:: About this task ::
Your task is to copy the lines of the data below from the line holding "Lemma sqrt_sqr_addD (a" through the line holding "Num.sqrt (((1 - t)", inclusive, exactly and with nothing added.

:: Dataset records ::

(* Work in max-plus algebra. Consider the stochastic dynamic system $\bm{x}(k)=\bm{A}^{T}(k)\bm{x}(k-1)$, $k=1,2,\ldots$, with $\bm{x}(0)=\bm{1}$, where each $\bm{A}(k)$ is a random $n\times n$ block diagonal matrix \[ \bm{A}(k)=\begin{pmatrix}\bm{D}_{1}(k)&&\bm{0}\\&\ddots&\\ \bm{0}&&\bm{D}_{s}(k)\end{pmatrix} \] (block sizes independent of $k$). For $r=1,\ldots,s$ let $\bm{D}_{rk}=\bm{D}_{r}(1)\cdots\bm{D}_{r}(k)$ (max-plus product) and suppose that $\|\bm{D}_{rk}\|^{1/k}\to\mu_{r}$ with probability one as $k\to\infty$, i.e. $\frac1k\max_{i,j}(\bm{D}_{rk})_{ij}\to\mu_r$ w.p.1. Then the Lyapunov exponent of the system is \[ \lambda=\lim_{k\to\infty}\|\bm{x}(k)\|^{1/k}=\lim_{k\to\infty}\frac1k\max_{1\le i\le n}x_i(k)=\bigoplus_{r=1}^{s}\mu_r=\max_{1\le r\le s}\mu_r \] (with probability one).
   Context: Max-plus algebra is $(\mathbb{R}\cup\{-\infty\},\oplus=\max,\otimes=+)$ with zero $\mathbb{0}=-\infty$ and identity $\mathbb{1}=0$; matrix products are $(\bm{A}\bm{C})_{ij}=\max_k(a_{ik}+c_{kj})$, and $\bm{0}$ denotes a block with all entries $-\infty$. $\bm{1}$ is the vector with all entries $0$. The tropical norm of a matrix or vector is the maximum of its entries, and scalar power $x^{1/k}$ means $x/k$. Standing assumptions on the system: each entry of $\bm{A}(k)$ is either a constant or a random variable; corresponding random entries of $\bm{A}(1),\bm{A}(2),\ldots$ are independent and identically distributed with finite expectation and variance (entries within one matrix need not be independent). Note $\bm{x}(k)=(\bm{A}(1)\cdots\bm{A}(k))^{T}\bm{x}(0)$. *)

(* Max-plus algebra realised inside the
   extended reals \bar R: zero = -oo, identity = 0, (+) = maxe, (x) = +. *)
From HB Require Import structures.
From mathcomp Require Import all_boot all_order all_algebra.
From mathcomp Require Import all_classical all_reals all_analysis.
Set Implicit Arguments. Unset Strict Implicit. Unset Printing Implicit Defensive.
Import Order.TTheory GRing.Theory Num.Theory.
Local Open Scope classical_set_scope.
Local Open Scope ereal_scope.

Section MaxPlus.
Variable R : realType.

Definition mp_mul (m : nat) (A C : 'M[\bar R]_m) : 'M[\bar R]_m :=
  \matrix_(i, j) \big[maxe/-oo]_(l < m) (A i l + C l j).

Definition mp_id (m : nat) : 'M[\bar R]_m :=
  \matrix_(i, j) (if i == j then 0 else -oo).

Fixpoint mp_prod (m : nat) (F : nat -> 'M[\bar R]_m) (k : nat) : 'M[\bar R]_m :=
  match k with
  | O => mp_id m
  | S k' => mp_mul (mp_prod F k') (F k)
  end.

Definition mp_norm (m : nat) (A : 'M[\bar R]_m) : \bar R :=
  \big[maxe/-oo]_(i < m) \big[maxe/-oo]_(j < m) A i j.

Definition mp_vnorm (m : nat) (x : 'I_m -> \bar R) : \bar R :=
  \big[maxe/-oo]_(i < m) x i.

(* the state vector: x(0) = 1 (all zeros), x(k) = A(k)^T (x) x(k-1) *)
Fixpoint mp_state (n : nat) (A : nat -> 'M[\bar R]_n) (k : nat) : 'I_n -> \bar R :=
  match k with
  | O => fun _ => 0
  | S k' => fun i => \big[maxe/-oo]_(j < n) (A k j i + mp_state A k' j)
  end.

Definition diag_block (n s : nat) (blk : 'I_n -> 'I_s) (r : 'I_s)
  (A : 'M[\bar R]_n) : 'M[\bar R]_(#|[pred i | blk i == r]|) :=
  \matrix_(i, j) A (enum_val i) (enum_val j).

Definition block_diagonal (n s : nat) (blk : 'I_n -> 'I_s) (A : 'M[\bar R]_n) :=
  forall i j, blk i != blk j -> A i j = -oo.

End MaxPlus.

Section Prob.
Context d (T : measurableType d) (R : realType).

Definition iid_seq (P : probability T R) (X : nat -> T -> R) : Prop :=
  (forall k, (0 < k)%N -> measurable_fun setT (X k)) /\
  (forall k (B : set R), (0 < k)%N -> measurable B ->
      P (X k @^-1` B) = P (X 1%N @^-1` B)) /\
  (forall (sq : seq nat) (B : nat -> set R), uniq sq -> all (fun k => 0 < k)%N sq ->
      (forall k, measurable (B k)) ->
      P (\bigcap_(k in [set` sq]) (X k @^-1` B k)) = \prod_(k <- sq) P (X k @^-1` B k)).

Definition entry_assumption (P : probability T R) (n : nat)
  (A : nat -> T -> 'M[\bar R]_n) (i j : 'I_n) : Prop :=
  (exists c : \bar R, c != +oo /\ forall k w, (0 < k)%N -> A k w i j = c) \/
  (exists X : nat -> T -> R,
     (forall k w, (0 < k)%N -> A k w i j = (X k w)%:E) /\
     iid_seq P X /\
     P.-integrable setT (EFin \o X 1%N) /\
     P.-integrable setT (EFin \o (fun w => X 1%N w ^+ 2)%R)).

End Prob.

From HB Require Import structures.
From mathcomp Require Import all_boot all_order all_algebra.
From mathcomp Require Import all_classical all_reals all_analysis.
Set Implicit Arguments. Unset Strict Implicit. Unset Printing Implicit Defensive.
Import Order.TTheory GRing.Theory Num.Theory.
Local Open Scope classical_set_scope.
Local Open Scope ereal_scope.

(* Since x(k) = (A(1) ... A(k))^T x(0) with x(0) = 1, the coordinate x_i(k) is
   the maximum of column i of A(1) ... A(k).  For block diagonal matrices the
   coordinates in block r evolve as the state of the block system driven by
   D_r(1), D_r(2), ..., so ||x(k)|| = max_r ||D_rk||.  Division by k > 0
   commutes with the maximum, and max is continuous on the extended reals, so
   on the intersection of the s almost sure events where ||D_rk||^(1/k) -> mu_r
   the limit is max_r mu_r. *)

Section MaxPlusState.
Variable R : realType.

Lemma mp_state_prodE m (F : nat -> 'M[\bar R]_m) k i :
  mp_state F k i = \big[maxe/-oo]_j mp_prod F k j i.
Proof.
elim: k i => [|k IH] i /=.
  rewrite (bigD1 i) //= big1 ?maxeNy; first by rewrite mxE eqxx.
  by move=> j /negbTE ji; rewrite mxE ji.
under [RHS]eq_bigr => j _ do rewrite mxE.
rewrite exchange_big /=; apply: eq_bigr => l _.
by rewrite IH addeC (big_morph (+%E^~ _) (fun x y => adde_maxl x y _) (addNye _)).
Qed.

Section BlockDiagonal.
Variables (n s : nat) (blk : 'I_n -> 'I_s) (B : nat -> 'M[\bar R]_n).
Hypothesis B_block : forall k, (0 < k)%N -> block_diagonal blk (B k).

Lemma mp_state_diag_block r k (i : 'I_#|[pred i | blk i == r]|) :
  mp_state B k (enum_val i) = mp_state (fun l => diag_block blk r (B l)) k i.
Proof.
elim: k i => [//|k IH] i /=.
have /eqP blk_i : blk (enum_val i) == r by have := enum_valP i.
rewrite (bigID (fun j => blk j == r)) /= [X in maxe _ X]big1 ?maxeNy; last first.
  by move=> j /negP j_r; rewrite B_block // blk_i; apply/negP.
rewrite (eq_bigl (mem [pred j | blk j == r])) //.
rewrite (big_enum_val (fun j => B k.+1 j (enum_val i) + mp_state B k j)).
by apply: eq_bigr => j _; rewrite IH mxE.
Qed.

Lemma mp_vnorm_state_block_diagonal k :
  mp_vnorm (mp_state B k) =
  \big[maxe/-oo]_(r < s) mp_norm (mp_prod (fun l => diag_block blk r (B l)) k).
Proof.
rewrite /mp_vnorm (partition_big blk xpredT) //=; apply: eq_bigr => r _.
rewrite (eq_bigl (mem [pred j | blk j == r])) //.
rewrite (big_enum_val (mp_state B k)).
under eq_bigr => i _ do rewrite mp_state_diag_block mp_state_prodE.
by rewrite /mp_norm exchange_big.
Qed.

End BlockDiagonal.

Lemma cvg_bigmaxe (U : Type) (F : set_system U) {FF : Filter F}
    (I : Type) (r : seq I) (h : I -> U -> \bar R) (l : I -> \bar R) :
  (forall i, h i @ F --> l i) ->
  (fun u => \big[maxe/-oo]_(i <- r) h i u) @ F --> \big[maxe/-oo]_(i <- r) l i.
Proof.
move=> h_cvg; elim: r => [|i r IH].
  by under eq_fun do rewrite big_nil; rewrite big_nil; apply: cvg_cst.
under eq_fun do rewrite big_cons; rewrite big_cons.
apply: (continuous2_cvg (h := fun x y : \bar R => maxe x y) _ _ (h_cvg i) IH).
exact: (@max_continuous _ (\bar R) (l i, _)).
Qed.

End MaxPlusState.

Theorem lemma2 (R : realType) (d : measure_display) (T : measurableType d)
  (P : probability T R) (n s : nat) (blk : 'I_n -> 'I_s)
  (A : nat -> T -> 'M[\bar R]_n) (mu : 'I_s -> \bar R) :
  {homo blk : i j / (i <= j)%N >-> (i <= j)%N} ->
  (forall r : 'I_s, exists i, blk i = r) ->
  (forall k w, (0 < k)%N -> block_diagonal blk (A k w)) ->
  (forall i j, entry_assumption P A i j) ->
  (forall r : 'I_s, {ae P, forall w,
     (fun k : nat => ((k%:R)^-1)%:E *
        mp_norm (mp_prod (fun l => diag_block blk r (A l w)) k)) @ \oo --> mu r}) ->
  {ae P, forall w,
     (fun k : nat => ((k%:R)^-1)%:E * mp_vnorm (mp_state (fun l => A l w) k))
       @ \oo --> \big[maxe/-oo]_(r < s) mu r}.
Proof.
(* Block diagonality alone makes the identity ||x(k)|| = max_r ||D_rk|| hold
   pathwise. *)
move=> _ _ A_block _ mu_cvg.
apply: filterS (filter_forall _ mu_cvg) => w w_cvg.
apply: cvg_trans; last exact: cvg_bigmaxe w_cvg.
apply: near_eq_cvg; near=> k.
have c_gt0 : (0 < (k%:R)^-1 :> R)%R by rewrite invr_gt0 ltr0n; near: k; exists 1%N.
have c_maxe (x y : \bar R) : ((k%:R)^-1)%:E * maxe x y =
    maxe (((k%:R)^-1)%:E * x) (((k%:R)^-1)%:E * y).
  by rewrite maxe_pMr // lee_fin ltW.
have c_Ny : ((k%:R)^-1)%:E * -oo = -oo :> \bar R by rewrite muleC gt0_mulNye ?lte_fin.
by rewrite (mp_vnorm_state_block_diagonal (A_block ^~ w)) (big_morph _ c_maxe c_Ny).
Unshelve. all: by end_near.
Qed.
Lemma rad_included_prevariety (A : algebra sg) : is_prevariety (rad_included A).
Proof.
split.
- move=> B C [h [hom_h [g gh hg]]] KB n S pq RA d HS.
  have evC t : eval C d t = h (eval B (fun j => g (d j)) t).
    by rewrite -eval_hom //; congr (eval C _ t); apply: funext => j; rewrite hg.
  rewrite !evC; congr h; apply: (KB n S pq RA) => pq' /HS.
  by rewrite !evC => /(f_equal g); rewrite !gh.
- move=> I Ai KA n S pq RA d HS; apply: functional_extensionality_dep => i.
  rewrite !eval_prod; apply: (KA i n S pq RA) => pq' /HS.
  by move/(f_equal (fun x => x i)); rewrite !eval_prod.
- move=> B P HP KB n S pq RA d HS; apply: proj1_sig_inj; rewrite !eval_sub.
  apply: (KB n S pq RA) => pq' /HS.
  by move/(f_equal (@proj1_sig _ _)); rewrite !eval_sub.
Qed.

Lemma pvar_rad_included (A D : algebra sg) : pvar A D -> rad_included A D.
Proof. by apply; [exact: rad_included_prevariety | move=> n S pq]. Qed.

Lemma qvar_sub_alg (A B : algebra sg) (P : B -> Prop) (HP : op_closed P) :
  qvar A B -> qvar A (sub_alg HP).
Proof.
move=> qB n prem pq satA d Hd; apply: proj1_sig_inj; rewrite !eval_sub.
apply: (qB n prem pq satA) => x /Hd.
by move/(f_equal (@proj1_sig _ _)); rewrite !eval_sub.
Qed.

End RadicalInclusion.

Section GeneratedSubalgebra.
Variables (sg : signature) (B : algebra sg) (n : nat) (d : 'I_n -> B).

Definition generated (x : B) : Prop := exists t, eval B d t = x.

Lemma generated_closed : op_closed generated.
Proof.
move=> f a /(_ _)/cid gen_a.
exists (@App sg n f (fun k => projT1 (gen_a k))) => /=.
by congr (op B f); apply: funext => k; exact: projT2 (gen_a k).
Qed.

Definition gen_alg : algebra sg := sub_alg generated_closed.

Definition gen_of (j : 'I_n) : gen_alg :=
  exist generated (d j) (ex_intro _ (@Var sg n j) erefl).

Lemma eval_gen t : proj1_sig (eval gen_alg gen_of t) = eval B d t.
Proof. exact: eval_sub. Qed.

Lemma gen_alg_fin_generated : fin_generated gen_alg.
Proof.
by exists n, gen_of => -[x [t tx]]; exists t; apply: proj1_sig_inj; rewrite eval_gen.
Qed.

Lemma Rad_gen_alg S pq : Rad gen_alg S pq ->
  (forall pq', S pq' -> eval B d pq'.1 = eval B d pq'.2) -> eval B d pq.1 = eval B d pq.2.
Proof.
move=> RS dS; rewrite -(eval_gen pq.1) -(eval_gen pq.2) (RS gen_of) // => pq' /dS.
by rewrite -(eval_gen pq'.1) -(eval_gen pq'.2); exact: proj1_sig_inj.
Qed.

End GeneratedSubalgebra.

Lemma ultrafilter_extending (J T : Type) (base : J -> T -> Prop) : J ->
  (forall j, exists x, base j x) ->
  (forall i j, exists k, forall x, base k x -> base i x /\ base j x) ->
  exists U, ultrafilter U /\ forall j, U (base j).
Proof.
move=> j0 base_n0 base_dir.
have Fbase : Filter (filter_from setT base).
  apply: filter_fromT_filter; first by exists j0.
  by move=> i j; have [k Hk] := base_dir i j; exists k => x /Hk.
have [G [ultraG baseG]] := ultraFilterLemma (filter_from_proper Fbase (fun j _ => base_n0 j)).
exists G; split; last by move=> j; apply: baseG; exists j.
split.
- exact: filterT.
- exact: filter_not_empty.
- by move=> X Y GX XY; apply: filterS GX.
- by move=> X Y; apply: filterI.
- by move=> X; exact: in_ultra_setVsetC.
Qed.

Section Ultrapower.
Variables (sg : signature) (A : algebra sg) (I : Type) (U : (I -> Prop) -> Prop).
Hypothesis ultraU : ultrafilter U.

Lemma ultra_sub (X Y : I -> Prop) : U X -> (forall i, X i -> Y i) -> U Y.
Proof. by case: ultraU => _ _ US _ _ UX /US; apply. Qed.
Lemma sqrt_sqr_addD (a b c d : R) :
  Num.sqrt ((a + c) ^+ 2 + (b + d) ^+ 2) <=
  Num.sqrt (a ^+ 2 + b ^+ 2) + Num.sqrt (c ^+ 2 + d ^+ 2).
Proof.
set S := Num.sqrt (a ^+ 2 + b ^+ 2); set T := Num.sqrt (c ^+ 2 + d ^+ 2).
have S0 : 0 <= S := sqrtr_ge0 _; have T0 : 0 <= T := sqrtr_ge0 _.
have SE : S ^+ 2 = a ^+ 2 + b ^+ 2 by rewrite sqr_sqrtr // addr_ge0 ?sqr_ge0.
have TE : T ^+ 2 = c ^+ 2 + d ^+ 2 by rewrite sqr_sqrtr // addr_ge0 ?sqr_ge0.
have cauchy_schwarz : a * c + b * d <= S * T.
  have : (a * c + b * d) ^+ 2 <= (S * T) ^+ 2.
    by rewrite exprMn SE TE; have := sqr_ge0 (a * d - b * c); nra.
  have := mulr_ge0 S0 T0; nra.
rewrite -(ger0_norm (addr_ge0 S0 T0)) -sqrtr_sqr ler_sqrt ?sqr_ge0 //.
by clearbody S T; nra.
Qed.

Lemma sqrt_sqr_addZ (t a b : R) : 0 <= t ->
  Num.sqrt ((t * a) ^+ 2 + (t * b) ^+ 2) = t * Num.sqrt (a ^+ 2 + b ^+ 2).
Proof. by move=> t0; rewrite !exprMn -mulrDr sqrtrM ?sqr_ge0 // sqrtr_sqr ger0_norm. Qed.

Lemma sqrt_sqr_add_conv_le (t a b c d : R) : 0 <= t <= 1 ->
  Num.sqrt (((1 - t) * a + t * c) ^+ 2 + ((1 - t) * b + t * d) ^+ 2) <=
  (1 - t) * Num.sqrt (a ^+ 2 + b ^+ 2) + t * Num.sqrt (c ^+ 2 + d ^+ 2).
Proof.
case/andP=> t0 t1; rewrite -!sqrt_sqr_addZ ?subr_ge0 //; exact: sqrt_sqr_addD.
Qed.
Lemma disjoint_ctrl_notin ps p : disjoint_pairs ps -> p \in ps -> p.1 \notin unzip2 ps.
Proof.
rewrite /disjoint_pairs cat_uniq => /and3P[_ /hasPn disj _] pps.
exact: contraL (disj p.1) (map_f _ pps).
Qed.

Lemma cnots_notin ps x k : k \notin unzip2 ps -> cnots ps x k = x k.
Proof.
move=> kN; rewrite ffunE; case: hasP => [[p pps /andP[/eqP p2k _]]|_].
  by rewrite -p2k map_f in kN.
by rewrite addbF.
Qed.

Lemma cnots_cons c t ps x : c \notin unzip2 ps -> t \notin unzip2 ps ->
  cnots ((c, t) :: ps) x = cnot c t (cnots ps x).
Proof.
move=> cN tN; apply/ffunP => k.
rewrite [cnot _ _ _ _]ffunE (cnots_notin _ cN) !ffunE /=.
case: (eqVneq k t) => [->|kt] /=; last by rewrite addbF.
case: hasP => [[p pps /andP[/eqP p2t _]]|_]; first by rewrite -p2t map_f in tN.
by rewrite orbF addbF.
Qed.

Lemma cnots_involutive ps : disjoint_pairs ps -> involutive (cnots ps).
Proof.
move=> dps x; apply/ffunP => k; rewrite ffunE.
rewrite (@eq_in_has _ _ (fun p => (p.2 == k) && x p.1)) => [|p pps].
  by rewrite ffunE addbK.
by rewrite /= cnots_notin // disjoint_ctrl_notin.
Qed.

Definition run_cnots pss x := foldl (fun x ps => cnots ps x) x pss.

Lemma run_cnots_inj pss : all disjoint_pairs pss -> injective (run_cnots pss).
Proof.
elim: pss => [_ //|ps pss IH] /= /andP[dps dpss] x y /(IH dpss).
exact: (can_inj (cnots_involutive dps)).
Qed.

Lemma run_cnotsK pss :
  all disjoint_pairs pss -> cancel (run_cnots pss) (run_cnots (rev pss)).
Proof.
elim: pss => [_ //|ps pss IH] /= /andP[dps dpss] x.
by rewrite rev_cons /run_cnots foldl_rcons -/(run_cnots _ _) IH // cnots_involutive.
Qed.

Lemma run_cnots_revK pss :
  all disjoint_pairs pss -> cancel (run_cnots (rev pss)) (run_cnots pss).
Proof. by rewrite -all_rev => /run_cnotsK; rewrite revK. Qed.

Variable C : numClosedFieldType.

Definition cnot_layer ps : layer C N :=
  [seq Gate2 p.1 p.2 (ctrl (pauliX C)) | p <- ps].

:: Answer to the problem ::
Lemma sqrt_sqr_addD (a b c d : R) :
  Num.sqrt ((a + c) ^+ 2 + (b + d) ^+ 2) <=
  Num.sqrt (a ^+ 2 + b ^+ 2) + Num.sqrt (c ^+ 2 + d ^+ 2).
Proof.
set S := Num.sqrt (a ^+ 2 + b ^+ 2); set T := Num.sqrt (c ^+ 2 + d ^+ 2).
have S0 : 0 <= S := sqrtr_ge0 _; have T0 : 0 <= T := sqrtr_ge0 _.
have SE : S ^+ 2 = a ^+ 2 + b ^+ 2 by rewrite sqr_sqrtr // addr_ge0 ?sqr_ge0.
have TE : T ^+ 2 = c ^+ 2 + d ^+ 2 by rewrite sqr_sqrtr // addr_ge0 ?sqr_ge0.
have cauchy_schwarz : a * c + b * d <= S * T.
  have : (a * c + b * d) ^+ 2 <= (S * T) ^+ 2.
    by rewrite exprMn SE TE; have := sqr_ge0 (a * d - b * c); nra.
  have := mulr_ge0 S0 T0; nra.
rewrite -(ger0_norm (addr_ge0 S0 T0)) -sqrtr_sqr ler_sqrt ?sqr_ge0 //.
by clearbody S T; nra.
Qed.

Lemma sqrt_sqr_addZ (t a b : R) : 0 <= t ->
  Num.sqrt ((t * a) ^+ 2 + (t * b) ^+ 2) = t * Num.sqrt (a ^+ 2 + b ^+ 2).
Proof. by move=> t0; rewrite !exprMn -mulrDr sqrtrM ?sqr_ge0 // sqrtr_sqr ger0_norm. Qed.

Lemma sqrt_sqr_add_conv_le (t a b c d : R) : 0 <= t <= 1 ->
  Num.sqrt (((1 - t) * a + t * c) ^+ 2 + ((1 - t) * b + t * d) ^+ 2) <=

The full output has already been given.